Masalah kedua dengan teori pengendalian diri melibatkan konsep
kontrol diri. Teori ini mengasumsikan bahwa pengendalian diri selalu dilakukan
untuk tujuan yang sesuai atau diterima secara sosial. Dengan kata lain, teori
mengasumsikan
bahwa orang dengan pengendalian diri yang tinggi selalu melakukan hal yang
benar. Namun, di sana bukan alasan logis mengapa pengendalian diri dan
kemampuan yang terkait dengannya (kecerdasan, pandangan ke depan, dan
ketekunan) tidak dapat digunakan untuk merencanakan dan mengeksekusi skema
kriminal yang rumit (Tittle, 1991). Mengapa berasumsi bahwa orang yang
memiliki disiplin diri selalu orang baik?.
Akhirnya, ada masalah dengan bagaimana peluang kriminal
dikonseptualisasikan dalam teori. Peluang kriminal dipahami sebagai hal-hal
sederhana yang jelas, seperti dompet yang tidak dijaga di kantor atau mobil di
tempat parkir dengan kunci di dalamnya. Ide dasarnya adalah kriminal itu peluang
muncul setiap kali orang yang cenderung kriminal memiliki akses ke semacam
objek yang ingin dia miliki secara teknis istilah, peluang kriminal terdiri dari
target yang sesuai dan kurangnya perwalian yang mampu (Cohen dan Felson,
1979). Dalam teori pengendalian diri, diasumsikan bahwa target seperti dompet
atau mobil secara intrinsik menarik atau diinginkan, dan satu-satunya hal yang
menahan kita untuk mencoba untuk mendapatkannya adalah tingkat pengendalian
diri kita. Tapi apakah ini benar? Kita akan menunjukkan bahwa daya tarik target
tergantung setidaknya sebagian pada situasi pelaku potensial (yaitu, pada faktor-
faktor dalam hidupnya yang independen dari tingkat pengendalian dirinya).
Misalnya, misalkan orang dengan pengendalian diri yang rendah melihat sebuah
mobil dengan kunci di dalamnya di tempat parkir. Selanjutnya misalkan pelaku
tidak memiliki mobil sendiri dan dia benar-benar perlu menyeberang kota dengan
cepat karena dia terlambat untuk berkencan dengannya pacar perempuan. Apakah
dia akan mencuri mobil? Tampaknya sangat mungkin. Tapi apa yang terjadi? jika
kita mengubah satu fakta. Misalkan pelaku memiliki mobil. Meskipun dia masih
dibebani dengan kontrol diri yang rendah dan terlambat untuk kencannya,
akankah dia mencuri? yang ada kuncinya? Sekarang, sepertinya lebih kecil
kemungkinannya dari sebelumnya. Sebuah pelaku dengan mobil hanya memiliki
motivasi kurang untuk melakukan pencurian mobil daripada pelaku tanpa mobil,
terlepas dari tingkat pengendalian diri. Apakah peluang kriminal dipandang
sebagai lebih atau kurang menarik, kemudian, tergantung sebagian pada situasi
eksternal pelaku. Mengenali fitur ini peluang kriminal sangat penting bagi pekerja
kerah putih kejahatan, karena, seperti yang akan kita tunjukkan nanti, faktor
situasional dapat sumber motivasi penting untuk kejahatan kerah putih. Sebagai
contoh, akankah para eksekutif di Enron repot-repot terlibat dalam akuntansi?
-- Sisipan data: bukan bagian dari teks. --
(* For [S = 0] the left-hand side is [1 / 0 = 0]. *)
Lemma div_8S2S1_le (S : nat) : 1 / (8 * S%:R * (2 * S%:R - 1)) <= 1 / 8 :> R.
Proof.
case: S => [|S]; first by rewrite mulr0 mul0r invr0 mulr0; lra.
have S_ge1 : 1 <= S.+1%:R :> R by rewrite ler1n.
by rewrite !div1r lef_pV2 ?posrE; nra.
Qed.

Lemma div_8S2S1_gt0 (S : nat) : 0 < 1 / (8 * S%:R * (2 * S%:R - 1)) :> R -> (0 < S)%N.
Proof. by case: S => // ; rewrite mulr0 mul0r invr0 mulr0 ltxx. Qed.

Lemma omega_lt_beta_quarter {S K2 : nat} {beta C omega alpha2 b : R} :
  0 < beta -> 2 < C -> 0 < alpha2 ->
  alpha2 < Num.min (C * beta / (8 * (C - 1) * Num.sqrt (2 * S%:R))
                      * Num.sqrt (1 - 2 * (C - 1) * S%:R / (C * K2%:R))) b - omega ->
  omega < beta / 4.
Proof.
move=> beta_gt0 C_gt2 alpha2_gt0.
set cap := C * beta / _ * _ => alpha2_lt.
have min_le : Num.min cap b <= cap by rewrite ge_min lexx.
suff : cap <= beta / 4 by lra.
rewrite /cap; set t := 2 * (C - 1) * S%:R / (C * K2%:R).
have t_ge0 : 0 <= t by rewrite /t divr_ge0 ?mulr_ge0 //; lra.
have sqrt_le1 : Num.sqrt (1 - t) <= 1.
  by rewrite -[leRHS]sqrtr1; apply: ler_wsqrtr; lra.
have q_bounds : 0 <= C * beta / (8 * (C - 1) * Num.sqrt (2 * S%:R)) <= beta / 4.
  have [->|S_gt0] := posnP S.
    by rewrite mulr0 sqrtr0 mulr0 invr0 mulr0; lra.
  have S_ge1 : 1 <= S%:R :> R by rewrite ler1n.
  have s_ge1 : Num.sqrt 1 <= Num.sqrt (2 * S%:R) :> R by apply: ler_wsqrtr; lra.
  rewrite sqrtr1 in s_ge1.
  rewrite divr_ge0 ?mulr_ge0 /=; try lra.
  rewrite ler_pdivrMr; last by rewrite mulr_gt0 //; lra.
  have : 0 <= beta * (C - 1) * (Num.sqrt (2 * S%:R) - 1) by rewrite !mulr_ge0 //; lra.
  nra.
have := sqrtr_ge0 (1 - t); nra.
Qed.

End Regime.

Theorem theorem7 (R : realType) (kappa : R) (hkappa : 1 <= kappa) :
  exists (c : R) (k : nat), 0 < c /\
  forall (S : nat) (p : 'I_S -> R) (pres : R) (lam : 'I_S -> R)
         (Delta beta omega eps rho Dt C eta alpha2 : R) (K2 : nat)
         (m : nat -> R) (L : nat),
    (* initial state: weights |c_s|^2 = p s, |c_res|^2 = pres *)
    (forall s, beta <= p s) -> 0 <= pres -> pres <= omega ->
    \sum_(s < S) p s + pres = 1 ->
    0 < beta -> 0 < omega -> omega < beta ->
    (* eigenvalues in [0, 0.9] and gap *)
    (forall s, 0 <= lam s <= 9 / 10) ->
    is_gap lam Delta -> 0 < Delta ->
    (* accuracy, failure probability *)
    0 < eps -> eps < 2 * eta -> 0 < rho < 1 ->
    (* parameters *)
    0 < Dt < 1 / (8 * S%:R * (2 * S%:R - 1)) ->
    ~~ odd K2 -> 4 / Dt < K2%:R ->
    2 < C < K2%:R * Dt / 2 ->
    constA S beta C K2 * omega < eta < 1 / (8 * S%:R * (2 * S%:R - 1)) ->
    0 < alpha2 ->
    alpha2 < Num.min
               (C * beta / (8 * (C - 1) * Num.sqrt (2 * S%:R))
                  * Num.sqrt (1 - 2 * (C - 1) * S%:R / (C * K2%:R)))
               (eta / constA S beta C K2) - omega ->
    (* "constant-order" quantities hidden in the O-constants *)
    K2%:R * Dt <= kappa -> omega <= kappa * alpha2 ->
    (* the refinement factors m_l in [2,4], and L the stopping level *)
    (forall l, (1 <= l)%N -> 2 <= m l <= 4) ->
    eta / Mlev m L <= eps -> (forall l, (l < L)%N -> eps < eta / Mlev m l) ->
    let Mt := Dt / Delta in
    let k1 := K1 eta beta omega in
    let n1 := NHR (alpha1 beta omega) rho eta eps k1 in
    let n2 := NHR alpha2 rho eta eps K2 in
    let polylog := (ln (2 + (rho^-1 + beta^-1 + omega^-1 + eta^-1 + eps^-1
                              + Dt^-1 + Delta^-1))) ^+ k in
    Tmax m Mt k1 K2 L
      <= c * Num.max (ln (2 / beta) * eta^-1 * Dt * Delta^-1)
                     (eta * Dt^-1 * eps^-1)
    /\
    Ttotal m Mt k1 K2 n1 n2 L
      <= c * (eta ^- 2 * beta ^- 2 * Dt * Delta^-1
              + eta * omega ^- 2 * Dt ^- 2 * eps^-1) * polylog.
Proof.
pose c := 2 ^+ 25 + 2 ^+ 15 * kappa ^+ 5 + (32 + 4 * kappa).
have [c_gt0 c_Tmax c_Ttotal] :
    [/\ 0 < c, 32 + 4 * kappa <= c & 2 ^+ 25 + 2 ^+ 15 * kappa ^+ 5 <= c].
  by have := exprn_ge0 5 (le_trans ler01 hkappa); rewrite /c; split; lra.
exists c, 3%N; split => // S p pres lam Delta beta omega eps rho Dt C eta alpha2 K2 m L
  p_ge pres_ge0 _ p_sum beta_gt0 omega_gt0 _ _ _ Delta_gt0 eps_gt0 eps_lt /andP[rho_gt0 _]
  /andP[Dt_gt0 Dt_lt] _ _ /andP[C_gt2 _] /andP[_ eta_lt] alpha2_gt0 alpha2_lt K2Dt_le
  omega_le m_range _ coarse Mt k1 n1 n2 polylog.
have S_gt0 : (0 < S)%N by apply: div_8S2S1_gt0; apply: lt_trans Dt_gt0 Dt_lt.
have p_ge0 s : 0 <= p s := le_trans (ltW beta_gt0) (p_ge s).
have beta_le1 := le_trans (p_ge (Ordinal S_gt0)) (weight_le1 _ p_ge0 pres_ge0 p_sum).
have eta_gt0 : 0 < eta by have := lt_trans eps_gt0 eps_lt; rewrite pmulr_rgt0.
have eta_lt8 := lt_le_trans eta_lt (div_8S2S1_le S).
have Dt_lt8 := lt_le_trans Dt_lt (div_8S2S1_le S).
have omega_lt := omega_lt_beta_quarter beta_gt0 C_gt2 alpha2_gt0 alpha2_lt.
have K2_le : K2%:R <= kappa / Dt by rewrite ler_pdivlMr.
have alpha2_inv : alpha2^-1 <= kappa / omega by rewrite ler_pdivlMr // mulrC ler_pdivrMr.
have ML_le := Mlev_stop_le m_range eps_gt0 eps_lt coarse.
have [Y_ge2 [Y_rho Y_beta Y_eta Y_eps Y_Dt]] := inv_sum_bounds rho_gt0 beta_gt0 omega_gt0
  omega_lt eta_gt0 eps_gt0 Dt_gt0 Delta_gt0.
split.
  exact: Tmax_bound m_range ML_le beta_gt0 beta_le1 omega_gt0 omega_lt eta_gt0 eta_lt8
    eps_gt0 Dt_gt0 Delta_gt0 hkappa K2_le c_Tmax.
exact: Ttotal_bound m_range ML_le rho_gt0 beta_gt0 beta_le1 omega_gt0 omega_lt eta_gt0 eta_lt8
  eps_gt0 Dt_gt0 Dt_lt8 Delta_gt0 hkappa K2_le alpha2_gt0 alpha2_inv
  Y_ge2 Y_rho Y_beta Y_eta Y_eps Y_Dt c_Ttotal.
Qed.
(* Let $A\in\mathbb{R}^{n\times n}$. (a) For every integer $k\ge0$, $(A\,\underline{\otimes}\, I)^k = (I\,\underline{\otimes}\, A)^k = \frac{1}{2^k}\sum_{i=0}^k\binom{k}{i}A^{k-i}\,\underline{\otimes}\, A^i$. (b) $\exp(A\,\underline{\oplus}\, A) = \exp(A)\,\underline{\otimes}\,\exp(A)$. (c) In general $\exp(A\,\underline{\oplus}\, B)\ne\exp(A)\,\underline{\otimes}\,\exp(B)$; i.e., there exist $n$ and $A,B\in\mathbb{R}^{n\times n}$ with $\exp(A\,\underline{\oplus}\, B)\ne\exp(A)\,\underline{\otimes}\,\exp(B)$.
   Context: Let $\underline{n}=n(n+1)/2$, $\operatorname{vec}$ column-stacking vectorization, $\otimes$ the Kronecker product, $e_1,\dots,e_n$ the standard basis. Enumerate pairs $(r,c)$, $1\le r\le c\le n$, in the order $(1,1),\dots,(1,n),(2,2),\dots,(2,n),\dots,(n,n)$ as $(r(\ell),c(\ell))$, $\ell=1,\dots,\underline{n}$; set $E_\ell=e_{r(\ell)}e_{r(\ell)}^T$ if $r(\ell)=c(\ell)$ and $E_\ell=\frac{\sqrt2}{2}(e_{r(\ell)}e_{c(\ell)}^T+e_{c(\ell)}e_{r(\ell)}^T)$ otherwise; $W_n\in\mathbb{R}^{\underline{n}\times n^2}$ has $\ell$-th row $\operatorname{vec}(E_\ell)^T$. The symmetric Kronecker product of $A,B\in\mathbb{R}^{n\times n}$ is $A\,\underline{\otimes}\, B = W_n(A\otimes B)W_n^T\in\mathbb{R}^{\underline{n}\times\underline{n}}$, and the symmetric Kronecker sum is $A\,\underline{\oplus}\, B = A\,\underline{\otimes}\, I + I\,\underline{\otimes}\, B$. $\exp$ is the matrix exponential. *)

From HB Require Import structures.
From mathcomp Require Import all_boot all_order all_algebra.
From mathcomp Require Import all_classical all_reals all_analysis.
Set Implicit Arguments. Unset Strict Implicit. Unset Printing Implicit Defensive.
Import Order.TTheory GRing.Theory Num.Theory.
Local Open Scope ring_scope.

Definition tri (n : nat) : nat := (n * n.+1)./2.

Lemma divn_ord_lt n (p : 'I_(n * n)) : (p %/ n < n)%N.
Proof.
case: n p => [|n] p; first by case: p.
by rewrite ltn_divLR.
Qed.
Lemma modn_ord_lt n (p : 'I_(n * n)) : (p %% n < n)%N.
Proof.
case: n p => [|n] p; first by case: p.
by rewrite ltn_mod.
Qed.
Definition odiv n (p : 'I_(n * n)) : 'I_n := Ordinal (divn_ord_lt p).
Definition omod n (p : 'I_(n * n)) : 'I_n := Ordinal (modn_ord_lt p).

Section SymKron.
Variable R : realType.

Definition kron n (A B : 'M[R]_n) : 'M[R]_(n * n) :=
  \matrix_(p, q) (A (odiv p) (odiv q) * B (omod p) (omod q)).

(* column-stacking vectorization: vec(X)[r + n*c] = X[r,c] (0-based) *)
Definition vecc n (X : 'M[R]_n) : 'cV[R]_(n * n) :=
  \col_p X (omod p) (odiv p).

Definition sym_pairs (n : nat) : seq (nat * nat) :=
  flatten [seq [seq (r, c) | c <- iota r (n - r)] | r <- iota 0 n].

Definition E_sym n (l : nat) : 'M[R]_n :=
  let rc := nth (0%N, 0%N) (sym_pairs n) l in
  let r := rc.1 in let c := rc.2 in
  if r == c then \matrix_(i, j) ((i == r :> nat) && (j == r :> nat))%:R
  else \matrix_(i, j) (Num.sqrt 2 / 2 *
        (((i == r :> nat) && (j == c :> nat))%:R
         + ((i == c :> nat) && (j == r :> nat))%:R)).

Definition Wn n : 'M[R]_(tri n, n * n) :=
  \matrix_(l, p) vecc (E_sym n l) p 0.

Definition symkron n (A B : 'M[R]_n) : 'M[R]_(tri n) :=
  Wn n *m kron A B *m (Wn n)^T.

Definition symsum n (A B : 'M[R]_n) : 'M[R]_(tri n) :=
  symkron A 1%:M + symkron 1%:M B.

Definition mexp m (A : 'M[R]_m) : 'M[R]_m :=
  limn (series (fun k : nat => (k`!%:R)^-1 *: A ^+ k)).

End SymKron.

(* W_n W_n^T = I and W_n^T W_n = (I + T) / 2, where T maps vec(X) to vec(X^T).
   Hence X |-> W_n X W_n^T is multiplicative on T-invariant matrices such as
   A (x) I + I (x) A, and I (x)_s A = A (x)_s I = W_n ((A (x) I + I (x) A) / 2) W_n^T.
   Part (a) is then the binomial theorem for the commuting A (x) I and I (x) A,
   and part (b) is exp(A (x) I + I (x) A) = exp(A (x) I) exp(I (x) A)
   = exp(A) (x) exp(A), the product rule for commuting matrices being proved by
   bounding the truncated Cauchy product of the two exponential series.
   For (c), take A = 0 and B = E_12: Q = I (x)_s B has Q^2 = (B (x)_s B) / 2 <> 0
   and Q^3 = 0, so exp(A (+)_s B) = I + Q + Q^2 / 2 but exp(A) (x)_s exp(B) = I + Q. *)

From HB Require Import structures.
From mathcomp Require Import all_boot all_order all_algebra.
From mathcomp Require Import all_classical all_reals all_analysis.
From mathcomp Require Import zify ring.
Import Order.TTheory GRing.Theory Num.Theory numFieldNormedType.Exports.
Set Implicit Arguments. Unset Strict Implicit. Unset Printing Implicit Defensive.
Local Open Scope classical_set_scope.
Local Open Scope ring_scope.

Section PairIndex.
Variable n : nat.

Lemma pair_ord_subproof (i j : 'I_n) : (i * n + j < n * n)%N.
Proof. have := ltn_ord i; have := ltn_ord j; nia. Qed.

Definition pair_ord (i j : 'I_n) : 'I_(n * n) := Ordinal (pair_ord_subproof i j).

Lemma odiv_pair i j : odiv (pair_ord i j) = i.
Proof.
apply: val_inj => /=; have n_gt0 : (0 < n)%N by case: n i {j} => [[]|].
by rewrite divnMDl // divn_small // addn0.
Qed.

Lemma omod_pair i j : omod (pair_ord i j) = j.
Proof. by apply: val_inj => /=; rewrite modnMDl modn_small. Qed.

Lemma pair_odiv_omod p : pair_ord (odiv p) (omod p) = p.
Proof. by apply: val_inj => /=; rewrite -divn_eq. Qed.

Lemma eq_pair_ord (p q : 'I_(n * n)) :
  (p == q) = (odiv p == odiv q) && (omod p == omod q).
Proof.
apply/eqP/andP => [->//|[/eqP eq_div /eqP eq_mod]].
by rewrite -(pair_odiv_omod p) -(pair_odiv_omod q) eq_div eq_mod.
Qed.

Lemma big_pair_ord (V : nmodType) (F : 'I_(n * n) -> V) :
  \sum_(p < n * n) F p = \sum_(i < n) \sum_(j < n) F (pair_ord i j).
Proof.
rewrite pair_big /= (reindex (fun ij : 'I_n * 'I_n => pair_ord ij.1 ij.2)) //=.
exists (fun p => (odiv p, omod p)) => [[i j] _|p _] /=.
  by rewrite odiv_pair omod_pair.
by rewrite pair_odiv_omod.
Qed.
penipuan jika perusahaan benar-benar menghasilkan banyak uang?.

Teori Pilihan Rasional


Perspektif teoretis lain yang telah diterapkan pada kerah putih kejahatan
adalah teori pilihan rasional (Paternoster dan Simpson, 1993; Shover dan
Hochstetler, 2006). Teori pilihan rasional mengasumsikan bahwa semua aktor
mementingkan diri sendiri dan membuat keputusan tentang apakah akan terlibat
atau tidak dalam perilaku kriminal atau konvensional menurut penilaian biaya dan
manfaat. Dalam istilah yang disederhanakan, teori menyatakan bahwa rasional
aktor akan memilih untuk terlibat dalam kejahatan daripada non-kejahatan ketika
manfaat bersih yang dirasakan dari kejahatan (yaitu, manfaat dikurangi biaya)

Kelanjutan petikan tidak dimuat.